Here are a few of the dangers to watch out for.

  • They make it easy for you to spend money. Just because you have a certain limit does not mean you should go on a spending spree, and buy whatever you want.
  • When you spend, the thought of how you are going to pay for it may never enter your head. The bill will arrive, and reckless spending could leave you with a paying problem.
  • Credit cards are often thought of as an extension to one’s income, and used as such until payments have to be made and not enough money is available to pay.
  • You may use your card until it is maxed-out, and then the only amount you will be able to spend is the amount you pay in, less interest and charges of course.

How to protect yourself against getting into card debt.

  • If you are a spender by nature, take note of the fact. Having access to a high-limit credit card could lead you head-first into a financial disaster.

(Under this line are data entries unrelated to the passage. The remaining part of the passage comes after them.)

(* [dot (v i) (x + moment t)] is the polynomial in [t] with coefficients
   [dot (v i) x] and the entries of [v i], hence nonzero. *)
Lemma moment_avoids_hyperplanes n (v : 'I_n -> 'rV[R]_d) x (t0 : R) :
  (forall i, v i != 0) -> 0 < t0 ->
  exists2 t, 0 < t <= t0 & forall i, dot (v i) (x + moment t) != 0.
Proof.
move=> v_neq0 t0_gt0.
pose q i := Poly (dot (v i) x :: [seq v i 0 j | j <- enum 'I_d]).
have coef_q i (j : 'I_d) : (q i)`_j.+1 = v i 0 j.
  by rewrite coef_Poly /= (nth_map j) ?size_enum_ord ?nth_ord_enum.
have hornerE i t : (q i).[t] = dot (v i) (x + moment t).
  rewrite (@horner_coef_wide _ d.+1); last first.
    by rewrite (leq_trans (size_Poly _)) //= size_map size_enum_ord.
  rewrite big_ord_recl coef_Poly /= expr0 mulr1 dotDr; congr (_ + _).
  by apply: eq_bigr => j _; rewrite coef_q mxE.
have q_neq0 i : q i != 0.
  apply: contraNneq (v_neq0 i) => qi0; apply/eqP/rowP => j.
  by rewrite mxE -coef_q qi0 coef0.
have prod_q_neq0 : \prod_i q i != 0 by apply/prodf_neq0 => i _.
have [t t_in] := poly_nonroot_near0 prod_q_neq0 t0_gt0.
rewrite /root horner_prod => /prodf_neq0 q_t.
by exists t => // i; rewrite -hornerE q_t.
Qed.

End Dot.

Arguments moment {R d} t.

Lemma card_ffun_draws n u :
  #|[pred e : {ffun 'I_n -> bool} | #|[set i | e i]| == u]| = 'C(n, u).
Proof.
rewrite -[in RHS](card_ord n) -card_draws -!sum1_card.
rewrite (reindex (fun A : {set 'I_n} => [ffun i => i \in A])) /=; last first.
  exists (fun e : {ffun 'I_n -> bool} => [set i | e i]) => [A _|e _].
    by apply/setP => i; rewrite inE ffunE.
  by apply/ffunP => i; rewrite ffunE inE.
apply: eq_bigl => A; rewrite !inE; congr (_ == _); apply: eq_card => i.
by rewrite !inE ffunE.
Qed.

Section SignedSums.
Variable R : realType.
Local Notation rad := (@Pilot.Defs.rad R).

Definition signed_count n (a : 'I_n -> R) (X : R) : nat :=
  #|[pred e : {ffun 'I_n -> bool} | \sum_i rad (e i) * a i == X]|.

Evaluate the way you handle money, and if you have been in trouble before, or don’t manage your finances well, it may not be smart for you to have a credit card.
  • Struggling to pay off the minimum balance on a high-end credit card, could keep you battling unsuccessfully to keep your head above water.
  • If you realize your spending habits are not that kosher, don’t get caught up in the hype of a fantastic credit card deal that looks as if the high limit will make your life easier.
  • Consider using a debit card linked to you check account. In this way you will not be spending money that you do not have. This may put you on a budget which is challenging, but at least you will not be drowning in everlasting debt. You may even be able to build some wealth and save for the future.
  • If you have a debit card, leave your credit card at home when you go shopping. This will help you not to give in to the temptation of buying what you do not really need, and also avoid adding charges and interest to your credit card.

 

The way credit card companies use your debt to cover their costs.

Businesses need to make money, and credit card companies prefer customers who have a revolving balance account with its associated charges, rather than customers who settle their card accounts in full every month. They do, of course, get commission charges from businesses and stores who provide a card facility for customers, but it is very little compared to what they gain from client charges on revolving balance accounts.

The charges from clients help to cover card company overheads such as salaries, building rentals, telephone accounts, motor vehicle expenses, electricity accounts, and a myriad of other expenses. Your money from accrued charges also provides a very healthy profit for the lenders.

Therefore their profits are made mainly by lending, and the charges incurred by lending money in the form of a credit card, to folk like you and millions of others. It is in the interest of the companies to make attractive offers with easy monthly minimum payments, which may trap you into an everlasting cycle of debt.

A credit card can be useful.

There are benefits to having a credit card, especially if you are able to pay off your balance every month. And if you have good money management skills, a payment on a minimum balance can help you in times of financial stress. It can also help if an emergency comes up that requires an unbudgeted-for payment.

Always aim to catch up and pay more than the required minimum amount if you have had to use that facility to relieve some financial stress. You will save big on extra charges and interest.

The bottom line is that you that you must read the fine print before signing up for a credit card. Some of the offers they make to get your business are very tempting, but if you don’t read the fine print or ask questions, these so-called great offers may come back to bite you!

Not a money scheme!

Credit card companies are not financial schemes offering you the world for nothing, and cards often come with a range of useful services, but there are costs involved. Remember that they make their money by lending, and the charges and interest that go with it.

It may seem like a quick answer to money problems, but you could be paying it off for years.

Talk to your credit card company about the charges involved, and most important, read the fine print on the agreement, and discuss anything which is not clear to you.